Google launches an open-source version of its differential privacy library
Google today released an open-source version of the differential privacy library it uses to power some of its own core products. Developers will be able to take this library and build their own tools that can work with aggregate data without revealing personally identifiable information either inside or outside their companies.
"Whether you're a city planner, a small business owner, or a software developer, gaining useful insights from data can help make services work better and answer important questions," writes Miguel Guevara, a product manager in the company's Privacy and Data Protection Office. "But, without strong privacy protections, you risk losing the trust of your citizens, customers, and users. Differentially-private data analysis is a principled approach that enables organizations to learn from the majority of their data while simultaneously ensuring that those results do not allow any individual's data to be distinguished or re-identified."
As Google notes, the current version of the Apache-licensed C++ library focuses on features that are typically hard to build from scratch and includes many of the standard statistical functions that developers would need (think count, sum, mean, variance, etc.).
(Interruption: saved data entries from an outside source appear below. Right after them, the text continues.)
Lemma wle_word1 ws vs C D : ws != [::] -> vs != [::] -> all noninc (ws ++ vs) ->
  lexmax (lexle leq) ws C -> lexmax (lexle leq) vs D ->
  wle (word1 ws) (word1 vs) = lexle (lexle leq) C D.
Proof.
move=> ws0 vs0; rewrite all_cat => /andP[ws_ni vs_ni] Cmax Dmax.
rewrite /word1 (wle_joinwE _ _ _ _ _ (lexmax_word2 ws_ni Cmax) (lexmax_word2 vs_ni Dmax))
  ?word2_above //.
- rewrite lexle_map; apply: (@eq_in_lexle _ noninc) => [s t s_ni t_ni /=|s Cs|t Dt].
  + by rewrite wle_word2.
  + by case/andP: Cmax => C_ws _; apply/(allP ws_ni)/(mem_subseqs C_ws).
  + by case/andP: Dmax => D_vs _; apply/(allP vs_ni)/(mem_subseqs D_vs).
- by case: ws ws0 {Cmax ws_ni}.
- by case: vs vs0 {Dmax vs_ni}.
- rewrite -map_cat => _ _ _ /mapP[t t_in ->] /mapP[s s_in ->] /mapP[u u_in ->].
  have /allP ni : all noninc (ws ++ vs) by rewrite all_cat ws_ni.
  by rewrite !wle_word2 ?ni //; apply: lexle_leq_trans.
Qed.

Lemma isNF_word1 ws : ws != [::] -> all noninc ws -> sorted (fun s t => lexle leq t s) ws ->
  isNF (word1 ws).
Proof.
move=> ws0 ws_ni ws_sorted; apply: isNF_joinw; rewrite ?word2_above //.
- by case: ws ws0 {ws_ni ws_sorted}.
- rewrite sorted_map (@eq_in_sorted _ noninc _ (fun s t => lexle leq t s)) //.
  by move=> s t s_ni t_ni /=; rewrite wle_word2.
- by apply/allP => _ /mapP[s s_in ->]; apply/isNF_word2/(allP ws_ni).
Qed.

Section Witness.
Variable h : nat.
Hypothesis h_gt0 : 0 < h.

Definition Kseq k := rcons (rev (iota k (h - k))) k.
Definition Lseq k := rcons (rev (iota k (h - k))) k.-1.
Definition Lfull := rev (iota 0 h).

Lemma noninc_rcons_rev_iota k x : x <= k -> noninc (rcons (rev (iota k (h - k))) x).
Proof.
move=> xk; rewrite /noninc -rev_cons -size_eq0 size_rev rev_sorted /=.
by case: (h - k) => //= m; rewrite xk; apply: (iota_sorted k m.+1).
Qed.

Lemma noninc_Kseq k : noninc (Kseq k).
Proof. exact: noninc_rcons_rev_iota. Qed.

Lemma noninc_Lseq k : noninc (Lseq k).
Proof. exact/noninc_rcons_rev_iota/leq_pred. Qed.

Lemma noninc_Lfull : noninc Lfull.
Proof.
rewrite /noninc /Lfull -size_eq0 size_rev size_iota -lt0n h_gt0 rev_sorted.
exact: iota_sorted.
Qed.

Lemma Lfull_split k : 1 <= k <= h -> Lfull = rev (iota k (h - k)) ++ k.-1 :: rev (iota 0 k.-1).
Proof.
case/andP=> k_gt0 k_le_h; rewrite /Lfull -{1}(subnKC k_le_h) iotaD rev_cat add0n.
congr (_ ++ _); case: k k_gt0 {k_le_h} => // k _.
by rewrite -addn1 iotaD rev_cat add0n addn1.
Qed.

Lemma lexle_Lseq_Lfull k : 1 <= k <= h -> lexle leq (Lseq k) Lfull.
Proof. by move=> hk; rewrite (Lfull_split hk) /Lseq -cats1 lexle_catl //= leqnn. Qed.

Lemma lexlt_Lfull_Kseq k : 1 <= k <= h ->
  lexle leq Lfull (Kseq k) && ~~ lexle leq (Kseq k) Lfull.
Proof.
move=> hk; rewrite (Lfull_split hk) /Kseq -cats1 !lexle_catl //=.
by case/andP: hk => k_gt0 _; rewrite leq_pred; case: k k_gt0 => //= k _; rewrite ltnn.
Qed.

Definition Wseq i k := rcons (nseq i Lfull) (Lseq k).
Definition W3seq i k := rcons (nseq i Lfull) (Kseq k).

Lemma noninc_Wseq i k : all noninc (Wseq i k).
Proof. by rewrite all_rcons noninc_Lseq all_nseq noninc_Lfull orbT. Qed.

Lemma noninc_W3seq i k : all noninc (W3seq i k).
Proof. by rewrite all_rcons noninc_Kseq all_nseq noninc_Lfull orbT. Qed.

Lemma pairwise_Wseq i k : 1 <= k <= h -> pairwise (fun s t => lexle leq t s) (Wseq i k).
Proof.
by move=> hk; apply: pairwise_rcons_nseq; [apply: lexle_leq_refl|apply: lexle_Lseq_Lfull].
Qed.

Lemma lexmax_Wseq i k : 1 <= k <= h -> lexmax (lexle leq) (Wseq i k) (Wseq i k).
Proof.
by move=> hk; apply: lexmax_sorted (pairwise_Wseq i hk) => s _; apply: lexle_leq_refl.
Qed.

Lemma lexmax_W3seq i k : 1 <= k <= h -> lexmax (lexle leq) (W3seq i k) [:: Kseq k].
Proof.
move=> hk; apply: lexmax_last => [|s]; first exact: lexle_leq_refl.
by rewrite mem_nseq => /andP[_ /eqP->]; apply: lexlt_Lfull_Kseq.
Qed.

Lemma lexmax_Kseq k : lexmax (lexle leq) [:: Kseq k] [:: Kseq k].
Proof. by rewrite lexmax1 eqxx lexle_leq_refl. Qed.

Lemma wle_Wseq_succ i k k' : 1 <= k <= h -> 1 <= k' <= h ->
  wle (word1 (Wseq i k)) (word1 (Wseq i.+1 k')).
Proof.
move=> hk hk'; rewrite (wle_word1 _ _ _ (lexmax_Wseq i hk) (lexmax_Wseq i.+1 hk'))
  ?rcons_neq0 ?all_cat ?noninc_Wseq //.
by apply: lexle_rcons_nseq; [apply: lexle_leq_refl|apply: lexle_Lseq_Lfull].
Qed.
Lemma prefix_val_alpha n x : prefix_val n (alpha x) = (prefix_val n x).+1 %% 2 ^ n.
Proof.
elim: n => //= n ->; rewrite {1}/alpha all_prefixE expnS.
have lt_x := prefix_val_lt n x; have K_gt0 : 0 < 2 ^ n by rewrite expn_gt0.
have [->|ne] := eqVneq (prefix_val n x) (2 ^ n - 1).
  rewrite (_ : (2 ^ n - 1).+1 = 2 ^ n); last by lia.
  rewrite modnn add0n; case: (x n) => /=; last by rewrite modn_small; lia.
  by rewrite muln1 (_ : (2 ^ n - 1 + _).+1 = 2 * 2 ^ n) ?modnn ?muln0; lia.
move/eqP: ne => ne; rewrite !modn_small; case: (x n) => /=; lia.
Qed.

Lemma prefix_val_zero n : prefix_val n zeroS = 0.
Proof. by elim: n => //= n ->; rewrite muln0. Qed.

Lemma shift_alpha k x :
  shift k (alpha x) = if all x (iota 0 k) then alpha (shift k x) else shift k x.
Proof.
apply: functional_extensionality => i.
rewrite /shift /alpha iotaD all_cat add0n -[in iota k](addn0 k) iotaDl all_map.
by case: (all x (iota 0 k)).
Qed.

(* In the 2-adic integers negS x = -1 - x, so alpha (negS x) = -x. *)
Lemma alpha_negS_involutive : involutive (alpha \o negS).
Proof.
move=> t /=; set u := negS (alpha (negS t)).
have u_def j : u j = if all (negS t) (iota 0 j) then ~~ t j else t j.
  by rewrite /u /negS /alpha; case: all; rewrite ?negbK.
have all_u i : all u (iota 0 i) = all (negS t) (iota 0 i).
  elim: i => // i IH; rewrite !iota0S !all_rcons IH u_def.
  by case: all; rewrite ?andbF ?andbT.
apply: functional_extensionality => i.
by rewrite /alpha all_u u_def; case: all; rewrite ?negbK.
Qed.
The company also stresses that the the library includes an additional library for "rigorous testing" (because getting differential privacy right is hard), as well as a PostreSQL extension and a number of recipes to help developers get started.
These days, people often roll their eyes when they see 'Google' and 'privacy' in the same sentence. That's understandable (though I think there is considerable tension inside the company about this, too). In this case, however, this is unquestionably a useful tool for developers that will allow them and the users they serve to build tools that analyze personal data without compromising the privacy of the people whose data they are working with. Typically, building those takes some considerable expertise, to the point where they may either not build them or simply not bother to to include these privacy features. With a library like this, they have no excuse not to implement differential privacy.